Look below for the lines from the one with "((i < m)%N -> 0 <= nth" to the one with "pose g j := nth", and copy exactly those lines, both ends included.
[[ Information given open ]]
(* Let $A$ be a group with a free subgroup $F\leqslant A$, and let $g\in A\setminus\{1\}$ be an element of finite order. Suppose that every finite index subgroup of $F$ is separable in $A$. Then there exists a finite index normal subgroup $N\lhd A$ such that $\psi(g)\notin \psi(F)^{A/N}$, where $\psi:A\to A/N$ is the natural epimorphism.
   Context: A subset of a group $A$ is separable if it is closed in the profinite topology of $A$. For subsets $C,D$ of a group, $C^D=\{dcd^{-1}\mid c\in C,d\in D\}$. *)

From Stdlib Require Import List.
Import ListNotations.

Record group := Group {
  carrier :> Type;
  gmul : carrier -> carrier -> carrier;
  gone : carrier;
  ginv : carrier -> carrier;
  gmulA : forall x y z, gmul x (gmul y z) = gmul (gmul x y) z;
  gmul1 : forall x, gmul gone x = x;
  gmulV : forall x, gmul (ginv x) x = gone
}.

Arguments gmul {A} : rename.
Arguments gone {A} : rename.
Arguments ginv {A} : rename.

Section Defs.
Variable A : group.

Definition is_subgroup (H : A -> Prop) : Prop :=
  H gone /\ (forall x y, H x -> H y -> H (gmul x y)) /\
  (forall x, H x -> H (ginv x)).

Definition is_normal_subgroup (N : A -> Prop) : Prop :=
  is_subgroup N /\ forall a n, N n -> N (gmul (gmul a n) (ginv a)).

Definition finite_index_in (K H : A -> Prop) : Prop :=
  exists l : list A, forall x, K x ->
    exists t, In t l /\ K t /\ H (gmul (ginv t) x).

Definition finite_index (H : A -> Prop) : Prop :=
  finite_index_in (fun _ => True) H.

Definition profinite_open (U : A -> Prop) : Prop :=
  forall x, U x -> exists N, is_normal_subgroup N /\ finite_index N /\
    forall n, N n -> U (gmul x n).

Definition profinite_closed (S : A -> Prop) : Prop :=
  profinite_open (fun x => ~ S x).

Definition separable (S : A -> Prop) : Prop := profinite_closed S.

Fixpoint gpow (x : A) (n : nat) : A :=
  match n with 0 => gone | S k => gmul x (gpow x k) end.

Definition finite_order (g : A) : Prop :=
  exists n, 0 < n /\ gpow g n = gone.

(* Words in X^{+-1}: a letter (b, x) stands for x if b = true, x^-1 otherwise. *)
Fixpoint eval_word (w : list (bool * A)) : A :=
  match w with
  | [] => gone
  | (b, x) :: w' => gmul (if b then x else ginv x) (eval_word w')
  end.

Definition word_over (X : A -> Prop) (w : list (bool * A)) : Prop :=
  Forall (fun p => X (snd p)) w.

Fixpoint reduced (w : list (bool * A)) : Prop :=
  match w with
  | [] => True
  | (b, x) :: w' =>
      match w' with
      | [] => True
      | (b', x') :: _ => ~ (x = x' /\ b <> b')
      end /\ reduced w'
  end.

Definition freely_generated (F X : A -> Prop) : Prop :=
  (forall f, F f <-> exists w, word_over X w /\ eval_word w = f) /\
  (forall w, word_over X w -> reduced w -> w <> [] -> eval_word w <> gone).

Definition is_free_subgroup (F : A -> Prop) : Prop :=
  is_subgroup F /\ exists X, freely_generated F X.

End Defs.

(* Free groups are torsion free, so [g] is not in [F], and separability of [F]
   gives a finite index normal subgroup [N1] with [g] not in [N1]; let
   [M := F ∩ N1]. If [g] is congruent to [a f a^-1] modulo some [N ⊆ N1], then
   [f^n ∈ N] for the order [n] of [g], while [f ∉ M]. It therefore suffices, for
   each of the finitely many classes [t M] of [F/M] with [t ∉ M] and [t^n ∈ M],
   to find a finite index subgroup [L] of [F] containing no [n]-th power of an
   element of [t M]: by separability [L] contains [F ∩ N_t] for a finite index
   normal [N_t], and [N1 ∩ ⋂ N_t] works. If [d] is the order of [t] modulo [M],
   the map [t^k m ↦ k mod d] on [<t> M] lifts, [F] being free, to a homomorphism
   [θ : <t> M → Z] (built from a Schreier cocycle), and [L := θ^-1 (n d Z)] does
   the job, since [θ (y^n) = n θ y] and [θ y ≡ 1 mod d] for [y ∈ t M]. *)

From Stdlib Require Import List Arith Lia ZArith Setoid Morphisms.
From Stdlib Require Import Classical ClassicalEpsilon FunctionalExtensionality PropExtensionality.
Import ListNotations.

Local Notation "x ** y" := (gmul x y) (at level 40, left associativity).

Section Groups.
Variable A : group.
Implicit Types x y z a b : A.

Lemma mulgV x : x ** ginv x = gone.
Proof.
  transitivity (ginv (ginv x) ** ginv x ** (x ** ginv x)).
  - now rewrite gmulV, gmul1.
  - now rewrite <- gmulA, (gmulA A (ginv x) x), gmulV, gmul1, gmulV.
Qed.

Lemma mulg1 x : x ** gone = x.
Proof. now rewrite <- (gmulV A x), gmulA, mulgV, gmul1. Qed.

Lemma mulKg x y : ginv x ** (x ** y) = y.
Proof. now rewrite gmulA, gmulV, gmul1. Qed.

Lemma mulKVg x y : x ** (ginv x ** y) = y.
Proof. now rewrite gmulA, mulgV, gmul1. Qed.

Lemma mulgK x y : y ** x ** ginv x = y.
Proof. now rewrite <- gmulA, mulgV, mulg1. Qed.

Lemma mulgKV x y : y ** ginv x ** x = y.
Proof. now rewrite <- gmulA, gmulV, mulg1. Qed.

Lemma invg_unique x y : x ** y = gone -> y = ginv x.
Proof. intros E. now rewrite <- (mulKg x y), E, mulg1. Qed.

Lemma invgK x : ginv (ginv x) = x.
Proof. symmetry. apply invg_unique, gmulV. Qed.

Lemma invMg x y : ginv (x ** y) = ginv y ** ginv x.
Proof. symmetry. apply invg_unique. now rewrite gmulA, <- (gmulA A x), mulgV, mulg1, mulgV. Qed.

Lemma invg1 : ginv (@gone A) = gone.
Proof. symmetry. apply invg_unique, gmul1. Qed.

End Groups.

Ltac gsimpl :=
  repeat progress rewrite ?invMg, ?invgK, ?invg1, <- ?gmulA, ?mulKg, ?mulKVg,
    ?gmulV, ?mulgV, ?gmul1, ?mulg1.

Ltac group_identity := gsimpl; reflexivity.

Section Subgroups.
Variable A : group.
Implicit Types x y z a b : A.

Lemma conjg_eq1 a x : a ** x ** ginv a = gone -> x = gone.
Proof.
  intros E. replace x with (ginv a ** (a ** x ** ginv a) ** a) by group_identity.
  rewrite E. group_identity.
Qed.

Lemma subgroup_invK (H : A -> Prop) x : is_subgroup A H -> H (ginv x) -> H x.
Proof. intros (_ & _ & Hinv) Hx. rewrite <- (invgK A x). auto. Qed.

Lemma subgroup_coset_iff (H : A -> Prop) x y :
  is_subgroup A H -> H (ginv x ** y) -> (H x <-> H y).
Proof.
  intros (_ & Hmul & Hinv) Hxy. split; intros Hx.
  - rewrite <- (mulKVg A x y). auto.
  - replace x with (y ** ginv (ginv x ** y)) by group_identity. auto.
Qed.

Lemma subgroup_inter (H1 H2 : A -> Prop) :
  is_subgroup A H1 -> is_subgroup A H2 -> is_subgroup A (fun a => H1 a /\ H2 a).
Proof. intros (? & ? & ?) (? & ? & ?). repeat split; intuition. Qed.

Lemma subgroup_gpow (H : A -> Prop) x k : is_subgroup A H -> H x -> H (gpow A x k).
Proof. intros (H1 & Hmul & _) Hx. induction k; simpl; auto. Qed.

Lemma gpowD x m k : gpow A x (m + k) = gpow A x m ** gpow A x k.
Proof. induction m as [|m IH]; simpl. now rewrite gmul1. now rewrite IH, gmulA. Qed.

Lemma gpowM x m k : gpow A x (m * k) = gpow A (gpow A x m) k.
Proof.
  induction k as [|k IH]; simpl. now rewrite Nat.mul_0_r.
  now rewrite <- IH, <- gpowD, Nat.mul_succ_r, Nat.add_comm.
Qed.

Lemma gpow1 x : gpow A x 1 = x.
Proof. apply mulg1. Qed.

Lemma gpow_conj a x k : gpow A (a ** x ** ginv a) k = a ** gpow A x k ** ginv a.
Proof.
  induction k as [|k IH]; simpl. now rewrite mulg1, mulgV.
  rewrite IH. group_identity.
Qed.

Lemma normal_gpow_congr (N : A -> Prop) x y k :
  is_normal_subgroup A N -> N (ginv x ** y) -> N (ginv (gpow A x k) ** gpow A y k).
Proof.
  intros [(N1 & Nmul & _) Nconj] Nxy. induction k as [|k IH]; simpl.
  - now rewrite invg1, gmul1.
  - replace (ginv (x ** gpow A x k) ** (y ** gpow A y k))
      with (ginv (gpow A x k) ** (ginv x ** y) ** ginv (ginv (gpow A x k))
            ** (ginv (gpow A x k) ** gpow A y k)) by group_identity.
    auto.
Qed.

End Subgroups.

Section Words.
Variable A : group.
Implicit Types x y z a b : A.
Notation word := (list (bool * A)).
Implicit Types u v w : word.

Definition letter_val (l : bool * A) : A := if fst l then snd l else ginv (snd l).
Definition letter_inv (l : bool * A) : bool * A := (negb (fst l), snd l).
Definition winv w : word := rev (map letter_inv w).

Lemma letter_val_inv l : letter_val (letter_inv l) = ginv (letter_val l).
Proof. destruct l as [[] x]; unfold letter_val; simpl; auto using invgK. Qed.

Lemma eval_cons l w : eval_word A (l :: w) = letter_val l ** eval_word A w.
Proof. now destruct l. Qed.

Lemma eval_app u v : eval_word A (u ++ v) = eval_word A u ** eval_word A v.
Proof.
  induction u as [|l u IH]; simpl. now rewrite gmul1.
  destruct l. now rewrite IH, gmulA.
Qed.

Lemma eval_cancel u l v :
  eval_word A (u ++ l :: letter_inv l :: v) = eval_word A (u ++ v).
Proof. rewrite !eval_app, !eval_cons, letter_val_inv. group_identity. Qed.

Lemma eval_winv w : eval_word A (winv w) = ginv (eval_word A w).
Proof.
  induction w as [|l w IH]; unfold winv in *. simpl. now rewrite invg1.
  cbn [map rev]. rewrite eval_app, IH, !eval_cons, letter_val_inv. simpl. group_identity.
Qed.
[[ Information given closed ]]
[[ Information given open ]]
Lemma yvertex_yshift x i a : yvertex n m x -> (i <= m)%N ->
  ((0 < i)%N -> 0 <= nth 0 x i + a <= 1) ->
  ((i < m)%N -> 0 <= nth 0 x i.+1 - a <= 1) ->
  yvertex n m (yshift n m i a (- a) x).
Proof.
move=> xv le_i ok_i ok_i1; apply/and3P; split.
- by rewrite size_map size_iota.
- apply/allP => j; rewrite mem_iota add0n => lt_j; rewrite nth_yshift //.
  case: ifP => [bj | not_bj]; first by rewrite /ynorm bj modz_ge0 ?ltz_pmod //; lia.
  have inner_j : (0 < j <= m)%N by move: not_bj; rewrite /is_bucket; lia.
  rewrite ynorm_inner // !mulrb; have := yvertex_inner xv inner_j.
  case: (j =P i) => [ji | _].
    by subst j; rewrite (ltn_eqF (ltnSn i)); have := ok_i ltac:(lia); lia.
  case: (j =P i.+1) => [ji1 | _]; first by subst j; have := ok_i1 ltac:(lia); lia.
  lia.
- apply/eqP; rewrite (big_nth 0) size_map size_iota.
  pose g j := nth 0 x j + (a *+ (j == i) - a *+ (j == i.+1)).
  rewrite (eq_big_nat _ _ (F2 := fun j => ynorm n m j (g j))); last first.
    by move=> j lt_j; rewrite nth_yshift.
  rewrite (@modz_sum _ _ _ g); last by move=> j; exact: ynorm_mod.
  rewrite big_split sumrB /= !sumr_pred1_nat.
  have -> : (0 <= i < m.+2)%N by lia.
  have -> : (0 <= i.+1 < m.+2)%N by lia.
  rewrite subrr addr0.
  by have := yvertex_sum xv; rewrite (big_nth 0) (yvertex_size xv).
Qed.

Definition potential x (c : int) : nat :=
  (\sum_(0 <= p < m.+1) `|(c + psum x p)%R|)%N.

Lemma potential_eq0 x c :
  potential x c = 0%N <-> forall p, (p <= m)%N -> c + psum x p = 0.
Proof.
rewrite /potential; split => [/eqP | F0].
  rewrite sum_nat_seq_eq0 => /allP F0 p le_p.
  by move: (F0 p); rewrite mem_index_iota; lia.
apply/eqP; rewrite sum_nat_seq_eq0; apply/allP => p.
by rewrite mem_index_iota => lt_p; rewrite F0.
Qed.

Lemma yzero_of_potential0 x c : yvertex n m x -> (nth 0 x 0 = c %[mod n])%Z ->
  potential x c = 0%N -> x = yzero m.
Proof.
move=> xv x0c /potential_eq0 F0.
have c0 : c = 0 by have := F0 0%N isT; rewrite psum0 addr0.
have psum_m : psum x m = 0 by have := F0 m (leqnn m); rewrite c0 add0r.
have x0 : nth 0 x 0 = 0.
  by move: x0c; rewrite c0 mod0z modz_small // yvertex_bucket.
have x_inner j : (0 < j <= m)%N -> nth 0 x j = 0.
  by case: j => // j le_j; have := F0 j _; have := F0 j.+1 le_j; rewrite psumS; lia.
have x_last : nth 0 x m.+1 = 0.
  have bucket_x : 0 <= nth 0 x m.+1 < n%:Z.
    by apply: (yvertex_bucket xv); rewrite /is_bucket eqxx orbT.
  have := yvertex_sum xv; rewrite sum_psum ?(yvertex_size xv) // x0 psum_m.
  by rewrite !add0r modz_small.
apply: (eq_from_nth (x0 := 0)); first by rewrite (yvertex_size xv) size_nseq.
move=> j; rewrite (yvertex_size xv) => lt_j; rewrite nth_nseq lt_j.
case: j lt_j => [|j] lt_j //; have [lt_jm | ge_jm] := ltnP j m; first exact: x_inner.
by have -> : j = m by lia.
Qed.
[[ Information given closed ]]
[[ Information given open ]]
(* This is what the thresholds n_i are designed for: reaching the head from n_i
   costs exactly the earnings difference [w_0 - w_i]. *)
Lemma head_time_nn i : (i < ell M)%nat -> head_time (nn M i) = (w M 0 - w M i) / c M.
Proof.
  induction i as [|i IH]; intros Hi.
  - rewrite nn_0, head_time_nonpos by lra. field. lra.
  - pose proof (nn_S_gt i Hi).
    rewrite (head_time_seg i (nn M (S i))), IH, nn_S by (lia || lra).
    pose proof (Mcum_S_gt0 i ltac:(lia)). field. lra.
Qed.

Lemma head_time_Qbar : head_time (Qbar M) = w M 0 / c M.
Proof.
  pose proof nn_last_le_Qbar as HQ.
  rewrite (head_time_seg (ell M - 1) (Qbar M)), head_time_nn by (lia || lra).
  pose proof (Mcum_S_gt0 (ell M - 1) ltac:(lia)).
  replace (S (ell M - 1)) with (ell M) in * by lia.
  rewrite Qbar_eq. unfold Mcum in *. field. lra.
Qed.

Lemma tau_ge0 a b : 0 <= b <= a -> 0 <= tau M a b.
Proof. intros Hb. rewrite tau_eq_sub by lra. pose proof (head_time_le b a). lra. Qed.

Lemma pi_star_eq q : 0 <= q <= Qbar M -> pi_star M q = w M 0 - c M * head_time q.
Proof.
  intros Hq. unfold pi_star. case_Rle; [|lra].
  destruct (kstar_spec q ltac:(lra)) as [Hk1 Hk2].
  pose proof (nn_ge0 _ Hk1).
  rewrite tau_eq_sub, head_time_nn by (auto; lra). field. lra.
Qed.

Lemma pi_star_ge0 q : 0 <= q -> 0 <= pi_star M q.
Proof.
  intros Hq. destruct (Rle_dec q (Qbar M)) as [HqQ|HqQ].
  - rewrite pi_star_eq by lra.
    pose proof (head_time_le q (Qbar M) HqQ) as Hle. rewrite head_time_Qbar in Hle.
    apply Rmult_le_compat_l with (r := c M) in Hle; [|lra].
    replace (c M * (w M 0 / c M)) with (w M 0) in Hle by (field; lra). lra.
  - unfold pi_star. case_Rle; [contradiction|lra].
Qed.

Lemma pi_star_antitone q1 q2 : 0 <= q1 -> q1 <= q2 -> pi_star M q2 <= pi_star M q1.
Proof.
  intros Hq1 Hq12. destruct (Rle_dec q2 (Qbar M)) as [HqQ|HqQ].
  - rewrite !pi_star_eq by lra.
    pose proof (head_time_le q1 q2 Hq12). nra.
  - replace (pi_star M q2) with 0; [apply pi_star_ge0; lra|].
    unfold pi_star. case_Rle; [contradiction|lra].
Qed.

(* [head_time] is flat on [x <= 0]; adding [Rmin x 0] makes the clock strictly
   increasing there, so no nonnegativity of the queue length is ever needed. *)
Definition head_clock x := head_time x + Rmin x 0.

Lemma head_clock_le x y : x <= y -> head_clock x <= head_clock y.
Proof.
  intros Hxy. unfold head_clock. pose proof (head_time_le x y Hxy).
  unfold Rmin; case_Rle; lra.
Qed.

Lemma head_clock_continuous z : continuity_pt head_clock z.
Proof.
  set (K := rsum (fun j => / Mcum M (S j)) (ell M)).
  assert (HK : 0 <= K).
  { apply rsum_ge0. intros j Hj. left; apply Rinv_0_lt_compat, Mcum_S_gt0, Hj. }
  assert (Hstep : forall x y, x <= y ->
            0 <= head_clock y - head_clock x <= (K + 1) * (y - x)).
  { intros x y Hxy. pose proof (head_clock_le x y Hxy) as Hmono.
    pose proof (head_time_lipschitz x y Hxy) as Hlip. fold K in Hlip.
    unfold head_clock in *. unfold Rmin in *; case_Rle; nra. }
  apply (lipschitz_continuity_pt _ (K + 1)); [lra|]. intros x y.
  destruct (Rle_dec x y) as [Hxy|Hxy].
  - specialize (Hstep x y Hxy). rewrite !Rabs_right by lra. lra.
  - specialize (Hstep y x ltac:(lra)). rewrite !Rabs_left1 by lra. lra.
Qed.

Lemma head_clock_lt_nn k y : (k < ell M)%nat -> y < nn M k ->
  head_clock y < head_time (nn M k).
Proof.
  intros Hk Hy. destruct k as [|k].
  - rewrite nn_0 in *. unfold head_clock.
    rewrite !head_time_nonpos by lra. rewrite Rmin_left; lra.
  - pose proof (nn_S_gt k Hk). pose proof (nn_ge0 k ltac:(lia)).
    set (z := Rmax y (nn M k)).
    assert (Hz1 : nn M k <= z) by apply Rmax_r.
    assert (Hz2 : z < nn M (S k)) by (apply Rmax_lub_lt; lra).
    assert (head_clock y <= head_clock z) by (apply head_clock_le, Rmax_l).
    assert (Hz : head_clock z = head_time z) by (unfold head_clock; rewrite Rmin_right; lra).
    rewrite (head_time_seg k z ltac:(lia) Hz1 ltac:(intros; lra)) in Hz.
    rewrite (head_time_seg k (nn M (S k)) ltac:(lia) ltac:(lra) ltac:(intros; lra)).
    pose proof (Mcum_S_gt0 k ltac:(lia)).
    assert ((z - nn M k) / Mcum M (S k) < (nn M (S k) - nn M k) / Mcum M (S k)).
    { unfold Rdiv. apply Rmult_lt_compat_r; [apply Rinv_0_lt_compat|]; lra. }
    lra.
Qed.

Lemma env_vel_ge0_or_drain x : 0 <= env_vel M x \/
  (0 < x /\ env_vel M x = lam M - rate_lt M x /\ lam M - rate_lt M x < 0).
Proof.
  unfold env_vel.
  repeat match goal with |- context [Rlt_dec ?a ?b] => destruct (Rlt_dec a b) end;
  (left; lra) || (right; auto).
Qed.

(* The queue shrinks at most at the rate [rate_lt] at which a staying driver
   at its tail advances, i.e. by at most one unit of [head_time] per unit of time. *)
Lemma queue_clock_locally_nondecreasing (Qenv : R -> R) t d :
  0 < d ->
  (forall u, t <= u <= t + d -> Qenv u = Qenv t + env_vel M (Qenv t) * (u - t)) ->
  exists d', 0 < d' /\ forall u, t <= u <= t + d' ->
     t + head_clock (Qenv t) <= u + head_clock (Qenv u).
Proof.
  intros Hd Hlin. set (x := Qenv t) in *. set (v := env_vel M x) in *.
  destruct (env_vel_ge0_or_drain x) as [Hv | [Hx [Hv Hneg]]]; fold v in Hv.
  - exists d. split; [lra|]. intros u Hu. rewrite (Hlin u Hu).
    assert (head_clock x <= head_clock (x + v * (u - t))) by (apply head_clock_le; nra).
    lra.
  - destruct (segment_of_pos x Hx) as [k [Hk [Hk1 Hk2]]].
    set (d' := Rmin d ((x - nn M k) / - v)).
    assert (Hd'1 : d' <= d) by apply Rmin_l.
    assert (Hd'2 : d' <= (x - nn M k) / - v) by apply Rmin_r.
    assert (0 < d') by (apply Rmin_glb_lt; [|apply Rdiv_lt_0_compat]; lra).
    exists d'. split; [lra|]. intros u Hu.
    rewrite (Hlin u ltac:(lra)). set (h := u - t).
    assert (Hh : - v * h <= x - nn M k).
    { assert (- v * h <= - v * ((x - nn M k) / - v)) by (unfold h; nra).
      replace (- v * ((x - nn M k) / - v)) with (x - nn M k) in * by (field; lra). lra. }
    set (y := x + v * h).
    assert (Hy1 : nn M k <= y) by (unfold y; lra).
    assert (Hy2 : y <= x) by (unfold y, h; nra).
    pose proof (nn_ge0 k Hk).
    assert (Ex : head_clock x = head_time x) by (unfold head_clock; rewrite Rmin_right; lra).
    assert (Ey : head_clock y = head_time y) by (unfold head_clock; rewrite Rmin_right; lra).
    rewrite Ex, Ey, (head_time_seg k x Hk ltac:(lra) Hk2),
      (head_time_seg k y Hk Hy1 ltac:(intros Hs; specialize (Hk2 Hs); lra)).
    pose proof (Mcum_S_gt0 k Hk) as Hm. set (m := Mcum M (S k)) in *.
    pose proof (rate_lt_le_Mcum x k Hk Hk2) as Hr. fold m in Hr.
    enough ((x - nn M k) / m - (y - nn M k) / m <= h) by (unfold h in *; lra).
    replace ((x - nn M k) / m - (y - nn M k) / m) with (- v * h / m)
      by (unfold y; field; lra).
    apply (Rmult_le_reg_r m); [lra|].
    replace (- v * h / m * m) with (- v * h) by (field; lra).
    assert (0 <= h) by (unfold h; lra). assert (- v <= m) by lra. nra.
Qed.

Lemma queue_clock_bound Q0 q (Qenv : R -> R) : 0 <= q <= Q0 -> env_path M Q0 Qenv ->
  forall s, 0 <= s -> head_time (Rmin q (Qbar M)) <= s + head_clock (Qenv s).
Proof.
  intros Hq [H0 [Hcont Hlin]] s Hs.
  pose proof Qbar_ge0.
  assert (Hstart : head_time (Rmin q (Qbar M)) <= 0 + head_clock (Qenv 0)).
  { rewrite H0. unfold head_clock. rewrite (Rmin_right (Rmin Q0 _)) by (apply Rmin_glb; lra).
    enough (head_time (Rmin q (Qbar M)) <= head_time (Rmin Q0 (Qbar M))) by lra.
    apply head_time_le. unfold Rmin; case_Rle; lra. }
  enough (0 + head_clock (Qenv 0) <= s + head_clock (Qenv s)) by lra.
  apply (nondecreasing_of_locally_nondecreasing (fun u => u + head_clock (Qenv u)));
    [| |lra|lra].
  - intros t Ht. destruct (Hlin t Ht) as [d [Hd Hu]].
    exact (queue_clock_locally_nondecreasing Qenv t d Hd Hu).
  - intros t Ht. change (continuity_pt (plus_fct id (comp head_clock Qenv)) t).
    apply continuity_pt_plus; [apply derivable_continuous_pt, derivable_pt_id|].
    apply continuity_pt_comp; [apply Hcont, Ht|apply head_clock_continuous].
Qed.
[[ Information given closed ]]
**Problem solution:**
  ((i < m)%N -> 0 <= nth 0 x i.+1 - a <= 1) ->
  yvertex n m (yshift n m i a (- a) x).
Proof.
move=> xv le_i ok_i ok_i1; apply/and3P; split.
- by rewrite size_map size_iota.
- apply/allP => j; rewrite mem_iota add0n => lt_j; rewrite nth_yshift //.
  case: ifP => [bj | not_bj]; first by rewrite /ynorm bj modz_ge0 ?ltz_pmod //; lia.
  have inner_j : (0 < j <= m)%N by move: not_bj; rewrite /is_bucket; lia.
  rewrite ynorm_inner // !mulrb; have := yvertex_inner xv inner_j.
  case: (j =P i) => [ji | _].
    by subst j; rewrite (ltn_eqF (ltnSn i)); have := ok_i ltac:(lia); lia.
  case: (j =P i.+1) => [ji1 | _]; first by subst j; have := ok_i1 ltac:(lia); lia.
  lia.
- apply/eqP; rewrite (big_nth 0) size_map size_iota.
  pose g j := nth 0 x j + (a *+ (j == i) - a *+ (j == i.+1)).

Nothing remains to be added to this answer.